Lemma diffquot_exprz (m : int) :
  (fun k => ((1 + t k) ^ m - 1) / t k) @ \oo --> (m%:~R : R).
Proof.
case: m => n; first exact: diffquot_exprn.
have cvg_pow : (fun k => (1 + t k) ^+ n.+1) @ \oo --> (1 : R).
  rewrite -[X in _ --> X](addr0 1) -[X in _ --> _ + X](mul0r n.+1%:R).
  under eq_cvg => k.
    rewrite (_ : _ ^+ _ = 1 + t k * (((1 + t k) ^+ n.+1 - 1) / t k)).
      over.
    by set x := _ ^+ _; field; rewrite t_neq0.
  by apply: cvgD; [apply: cvg_cst | apply: cvgM => //; apply: diffquot_exprn].
have -> : (Negz n)%:~R = - n.+1%:R * 1^-1 :> R by rewrite invr1 mulr1 NegzE mulrNz.
have pow_neq0 k : (1 + t k) ^+ n.+1 != 0.
  by rewrite expf_neq0 // gt_eqF // ltr_wpDr // ltW.
under eq_cvg => k.
  rewrite (_ : _ / t k = - (((1 + t k) ^+ n.+1 - 1) / t k) * ((1 + t k) ^+ n.+1)^-1).
    over.
  rewrite (_ : _ ^ Negz n = ((1 + t k) ^+ n.+1)^-1) //.
  move: (pow_neq0 k); set x := _ ^+ _ => x_neq0.
  by field; rewrite t_neq0 x_neq0.
apply: cvgM; first by apply: cvgN; apply: diffquot_exprn.
by apply: cvgV => //; apply: oner_neq0.
Qed.

End DifferenceQuotients.

Implicit Types (S : set M) (X : M).

Let cvg_congr (f g : nat -> R) (a b : R) :
  g @ \oo --> a -> f =1 g -> a = b -> f @ \oo --> b.
Proof. by move=> ? /funext -> <-. Qed.

Let cvg_eq (f : nat -> R) (a b : R) : f @ \oo --> a -> f @ \oo --> b -> a = b.
Proof. exact: cvg_unique. Qed.

Lemma lie_unipotent S X : (forall s, 0 < s -> S (1%:M + s *: X)) -> lie S X.
Proof.
move=> SX; exists (fun k => 1%:M + harmonic k *: X), harmonic.
split; first by move=> k; apply/SX/harmonic_gt0.
split; first exact: harmonic_gt0.
split=> [|i j]; first exact: cvg_harmonic.
under eq_cvg => k.
  rewrite (_ : _ / _ = X i j); first over.
  by rewrite !mxE addrAC subrr add0r mulrC mulKf // gt_eqF ?harmonic_gt0.
exact: cvg_cst.
Qed.

Lemma lie_torus S (p q r : int) :
  (forall a, 0 < a -> S (dd (a ^ p) (a ^ q) (a ^ r))) -> lie S (dd p%:~R q%:~R r%:~R).
Proof.
move=> Sdd; pose x k : R := 1 + harmonic k.
exists (fun k => dd (x k ^ p) (x k ^ q) (x k ^ r)), harmonic.
split; first by move=> k; apply: Sdd; rewrite ltr_wpDr ?ltr01 ?ltW ?harmonic_gt0.
split; first exact: harmonic_gt0.
split=> [|i j]; first exact: cvg_harmonic.
have dq m := diffquot_exprz (@harmonic_gt0 R) cvg_harmonic m.
have cst0 : (fun=> 0) @ \oo --> (0 : R) by apply: cvg_cst.
move: i j => [[|[|[|i]]] Hi] [[|[|[|j]]] Hj] //.
all: try by apply: (cvg_congr cst0) => [k|]; rewrite /dd /mx3 !mxE //= subrr mul0r.
all: by apply: (cvg_congr (dq _)) => [k|]; rewrite /dd /mx3 !mxE.
Qed.

Lemma lie_entry_eq S X i j i' j' :
  (forall u, S u -> u i j - 1%:M i j = u i' j' - 1%:M i' j') -> lie S X -> X i j = X i' j'.
Proof.
move=> Sij [u [t [Su [_ [_ cvgX]]]]]; apply: cvg_eq (cvgX i j) _.
by under eq_cvg do rewrite Sij //; apply: cvgX.
Qed.

Lemma lie_entry0 S X i j : (forall u, S u -> u i j = 1%:M i j) -> lie S X -> X i j = 0.
Proof.
move=> Sij [u [t [Su [_ [_ cvgX]]]]]; apply: cvg_eq (cvgX i j) _.
by under eq_cvg do rewrite Sij // subrr mul0r; apply: cvg_cst.
Qed.

(* With u_ii = 1 + t x_i, the relation u_00 u_11 u_22 = 1 reads
   x_0 + x_1 + x_2 = - t (x_0 x_1 + x_0 x_2 + x_1 x_2) - t^2 x_0 x_1 x_2. *)
Lemma lie_diag_trace S X : (forall u, S u -> u 0 0 * u 1 1 * u 2 2 = 1) -> lie S X ->
  X 0 0 + X 1 1 + X 2 2 = 0.
Proof.
move=> Sdet [u [t [Su [t_gt0 [t0 cvgX]]]]].
pose x i k := (u k i i - 1) / t k.
have cvgx i : x i @ \oo --> X i i by apply: (cvg_congr (cvgX i i)) => // k; rewrite /x mxE eqxx.
have key k : x 0 k + x 1 k + x 2 k = - (t k * (x 0 k * x 1 k + x 0 k * x 2 k + x 1 k * x 2 k)
                                       + t k * t k * (x 0 k * x 1 k * x 2 k)).
  have t_neq0 : t k != 0 by rewrite gt_eqF.
  apply/eqP; rewrite -subr_eq0; apply/eqP.
  transitivity ((u k 0 0 * u k 1 1 * u k 2 2 - 1) / t k); first by rewrite /x; field.
  by rewrite Sdet // subrr mul0r.
apply: (@cvg_eq (fun k => x 0 k + x 1 k + x 2 k)).
  by apply: cvgD; [apply: cvgD|]; apply: cvgx.
have cvgP : (fun k => x 0 k * x 1 k + x 0 k * x 2 k + x 1 k * x 2 k) @ \oo -->
    X 0 0 * X 1 1 + X 0 0 * X 2 2 + X 1 1 * X 2 2.
  by apply: cvgD; [apply: cvgD|]; apply: cvgM; apply: cvgx.
have cvgQ : (fun k => x 0 k * x 1 k * x 2 k) @ \oo --> X 0 0 * X 1 1 * X 2 2.
  by apply: cvgM; [apply: cvgM|]; apply: cvgx.
apply: (cvg_congr (cvgN (cvgD (cvgM t0 cvgP) (cvgM (cvgM t0 t0) cvgQ)))) => //.
by rewrite !mul0r addr0 oppr0.
Qed.

Lemma lie_sub_DN_trace S X : S `<=` DN -> lie S X -> X 0 0 + X 1 1 + X 2 2 = 0.
Proof.
move=> SDN; apply: lie_diag_trace => u /SDN /DN_mx3 [c1 [c2 [c3 [t [c123 ->]]]]].
by rewrite !mxE.
Qed.

Lemma lie_sub_DN S X : S `<=` DN -> lie S X ->
  X = mx3 (X 0 0) 0 0 0 (X 1 1) (X 1 2) 0 0 (- (X 0 0 + X 1 1)).
Proof.
move=> SDN SX; have trX := lie_sub_DN_trace SDN SX.
have entry0 i j : (forall c1 c2 c3 t : R, mx3 c1 0 0 0 c2 t 0 0 c3 i j = 1%:M i j) -> X i j = 0.
  move=> e; apply: (lie_entry0 _ SX) => u /SDN /DN_mx3 [c1 [c2 [c3 [t [_ ->]]]]].
  exact: e.
rewrite {1}(mx3_eta X) (entry0 0 1) ?(entry0 0 2) ?(entry0 1 0) ?(entry0 2 0) ?(entry0 2 1);
  try by move=> *; rewrite !mxE.
by congr mx3; lra.
Qed.

Lemma set_dim_span S (B : seq M) : free B -> (forall X, X \in B -> S X) ->
  (forall X, S X -> (X \in <<B>>)%VS) -> set_dim S (size B).
Proof.
move=> fB BS Sspan; split; first by exists B.
move=> s fs sS; rewrite -(eqP fs); apply: leq_trans (dim_span B); apply: dimvS.
by apply/span_subvP => X /sS /Sspan.
Qed.

Lemma delta12E : delta_mx 1 2 = mx3 0 0 0 0 0 1 0 0 0 :> M.
Proof. by mx3_entries. Qed.

Lemma unipotent12 (s : R) : 1%:M + s *: delta_mx 1 2 = nn 0 0 s :> M.
Proof. by mx3_entries; rewrite ?(mulr0, mulr1, addr0, add0r). Qed.

Lemma delta12_neq0 : delta_mx 1 2 != 0 :> M.
Proof.
by apply/eqP; rewrite delta12E mx3_0 => /mx3_inj [_ [_ [_ [_ [_ [/eqP]]]]]]; rewrite oner_eq0.
Qed.

Lemma dd_notin_delta12 (a b c : R) : a != 0 -> forall k, dd a b c != k *: delta_mx 1 2.
Proof.
move=> a0 k; apply/eqP; rewrite delta12E scale_mx3 => /mx3_inj [/eqP].
by rewrite mulr0 (negbTE a0).
Qed.

Lemma free_dd_basis : free [:: dd 1 (-1) 0; dd 0 1 (-1) : M].
Proof.
apply: free_seq2.
  by apply/eqP; rewrite mx3_0 => /mx3_inj [_ [_ [_ [_ [/eqP]]]]]; rewrite oner_eq0.
by move=> k; apply/eqP; rewrite scale_mx3 => /mx3_inj [/eqP]; rewrite mulr0 oner_eq0.
Qed.

Lemma dim_lie_z1z1n100 :
  set_dim (lie [set g : M | exists a : R, a != 0 /\ g = dd a a (a ^- 2)]) 1.
Proof.
set S := [set g | _]; have SDN : S `<=` DN by move=> _ [a [a0 ->]]; apply: DN_coords; field.
apply: (set_dim_span (B := [:: dd 1 1 (-2)])).
- by rewrite seq1_free; apply/eqP; rewrite mx3_0 => /mx3_inj [] /eqP; rewrite oner_eq0.
- move=> X; rewrite inE => /eqP ->; change (lie S (dd 1%:~R 1%:~R (-2)%:~R)).
  by apply: lie_torus => a a0; exists a; rewrite gt_eqF.
move=> X SX; rewrite (lie_sub_DN SDN SX).
have -> : X 0 0 = X 1 1 by apply: (lie_entry_eq _ SX) => _ [a [_ ->]]; rewrite !mxE.
have -> : X 1 2 = 0 by apply: (lie_entry0 _ SX) => _ [a [_ ->]]; rewrite !mxE.
rewrite (_ : mx3 _ _ _ _ _ _ _ _ _ = X 1 1 *: dd 1 1 (-2)) ?memv_span1 //.
by rewrite scale_mx3; congr mx3; ring.
Qed.

Lemma dim_lie_z1z1n010 :
  set_dim (lie [set g : M | exists a x : R, a != 0 /\ g = mx3 a 0 0 0 (a ^- 2) x 0 0 a]) 2.
Proof.
set S := [set g | _]; have SDN : S `<=` DN by move=> _ [a [x [a0 ->]]]; apply: DN_coords; field.
apply: (set_dim_span (B := [:: dd 1 (-2) 1; delta_mx 1 2])).
- by apply: free_seq2; [apply: delta12_neq0 | apply/dd_notin_delta12/oner_neq0].
- move=> X; rewrite !inE => /orP [] /eqP ->.
    change (lie S (dd 1%:~R (-2)%:~R 1%:~R)); apply: lie_torus => a a0.
    by exists a, 0; rewrite gt_eqF.
  apply: lie_unipotent => s _; rewrite unipotent12.
  by exists 1, s; rewrite expr1n invr1 oner_neq0.
move=> X SX; rewrite (lie_sub_DN SDN SX).
have X02 : X 0 0 = X 2 2 by apply: (lie_entry_eq _ SX) => _ [a [x [_ ->]]]; rewrite !mxE.
have trX := lie_sub_DN_trace SDN SX.
rewrite (_ : mx3 _ _ _ _ _ _ _ _ _ = X 0 0 *: dd 1 (-2) 1 + X 1 2 *: delta_mx 1 2).
  exact: memv_span2.
by rewrite delta12E !scale_mx3 add_mx3; congr mx3; lra.
Qed.

Lemma dim_lie_z2n010 :
  set_dim (lie [set g : M | exists a : R, a != 0 /\ g = dd a (a ^- 2) a]) 1.
Proof.
set S := [set g | _]; have SDN : S `<=` DN by move=> _ [a [a0 ->]]; apply: DN_coords; field.
apply: (set_dim_span (B := [:: dd 1 (-2) 1])).
- by rewrite seq1_free; apply/eqP; rewrite mx3_0 => /mx3_inj [] /eqP; rewrite oner_eq0.
- move=> X; rewrite inE => /eqP ->; change (lie S (dd 1%:~R (-2)%:~R 1%:~R)).
  by apply: lie_torus => a a0; exists a; rewrite gt_eqF.
move=> X SX; rewrite (lie_sub_DN SDN SX).
have X02 : X 0 0 = X 2 2 by apply: (lie_entry_eq _ SX) => _ [a [_ ->]]; rewrite !mxE.
have -> : X 1 2 = 0 by apply: (lie_entry0 _ SX) => _ [a [_ ->]]; rewrite !mxE.
have trX := lie_sub_DN_trace SDN SX.
rewrite (_ : mx3 _ _ _ _ _ _ _ _ _ = X 0 0 *: dd 1 (-2) 1) ?memv_span1 //.
by rewrite scale_mx3; congr mx3; lra.
Qed.

Lemma dim_lie_s1n100 :
  set_dim (lie [set g : M | exists a x : R, a != 0 /\ g = mx3 a 0 0 0 a x 0 0 (a ^- 2)]) 2.
Proof.
set S := [set g | _]; have SDN : S `<=` DN by move=> _ [a [x [a0 ->]]]; apply: DN_coords; field.
apply: (set_dim_span (B := [:: dd 1 1 (-2); delta_mx 1 2])).
- by apply: free_seq2; [apply: delta12_neq0 | apply/dd_notin_delta12/oner_neq0].
- move=> X; rewrite !inE => /orP [] /eqP ->.
    change (lie S (dd 1%:~R 1%:~R (-2)%:~R)); apply: lie_torus => a a0.
    by exists a, 0; rewrite gt_eqF.
  apply: lie_unipotent => s _; rewrite unipotent12.
  by exists 1, s; rewrite expr1n invr1 oner_neq0.
move=> X SX; rewrite (lie_sub_DN SDN SX).
have -> : X 0 0 = X 1 1 by apply: (lie_entry_eq _ SX) => _ [a [x [_ ->]]]; rewrite !mxE.
rewrite (_ : mx3 _ _ _ _ _ _ _ _ _ = X 1 1 *: dd 1 1 (-2) + X 1 2 *: delta_mx 1 2).
  exact: memv_span2.
by rewrite delta12E !scale_mx3 add_mx3; congr mx3; ring.
Qed.

Lemma dim_lie_DN : set_dim (lie DN) 3.
Proof.
apply: (set_dim_span (B := [:: delta_mx 1 2; dd 1 (-1) 0; dd 0 1 (-1)])).
- apply: free_seq3; first exact: free_dd_basis.
  move=> k l; apply/eqP; rewrite delta12E !scale_mx3 add_mx3.
  by move=> /mx3_inj [_ [_ [_ [_ [_ [/eqP]]]]]]; rewrite !mulr0 addr0 oner_eq0.
- move=> X; rewrite !inE => /or3P [] /eqP ->.
  + apply: lie_unipotent => s _; rewrite unipotent12.
    by apply: DN_coords; rewrite !mulr1.
  + change (lie DN (dd 1%:~R (-1)%:~R 0%:~R)); apply: lie_torus => a a0.
    by apply: DN_coords; rewrite expr1z mulfV ?gt_eqF // mulr1.
  + change (lie DN (dd 0%:~R 1%:~R (-1)%:~R)); apply: lie_torus => a a0.
    by apply: DN_coords; rewrite expr1z mul1r mulfV ?gt_eqF.
move=> X SX; rewrite (lie_sub_DN (@subset_refl _ DN) SX).
rewrite (_ : mx3 _ _ _ _ _ _ _ _ _ =
  X 1 2 *: delta_mx 1 2 + X 0 0 *: dd 1 (-1) 0 + (X 0 0 + X 1 1) *: dd 0 1 (-1)).
  exact: memv_span3.
by rewrite delta12E !scale_mx3 !add_mx3; congr mx3; ring.
Qed.

Lemma dim_lie_D : set_dim (lie (inD (R := R))) 2.
Proof.
apply: (set_dim_span (B := [:: dd 1 (-1) 0; dd 0 1 (-1)])).
- exact: free_dd_basis.
- move=> X; rewrite !inE => /orP [] /eqP ->.
    change (lie (inD (R := R)) (dd 1%:~R (-1)%:~R 0%:~R)); apply: lie_torus => a a0.
    by apply/inD_coords; exists a, a^-1, 1; rewrite mulfV ?gt_eqF // mulr1.
  change (lie (inD (R := R)) (dd 0%:~R 1%:~R (-1)%:~R)); apply: lie_torus => a a0.
  by apply/inD_coords; exists 1, a, a^-1; rewrite mul1r mulfV ?gt_eqF.
move=> X SX; rewrite (lie_sub_DN inD_sub_DN SX).
have -> : X 1 2 = 0.
  by apply: (lie_entry0 _ SX) => _ /inD_coords [c1 [c2 [c3 [_ ->]]]]; rewrite !mxE.
rewrite (_ : mx3 _ _ _ _ _ _ _ _ _ = X 0 0 *: dd 1 (-1) 0 + (X 0 0 + X 1 1) *: dd 0 1 (-1)).
  exact: memv_span2.
by rewrite !scale_mx3 add_mx3; congr mx3; ring.
Qed.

--- Brief ---
Of the lines in the listing, some hold the word "cvgD". Report how many, and only that.

--- Response area ---
4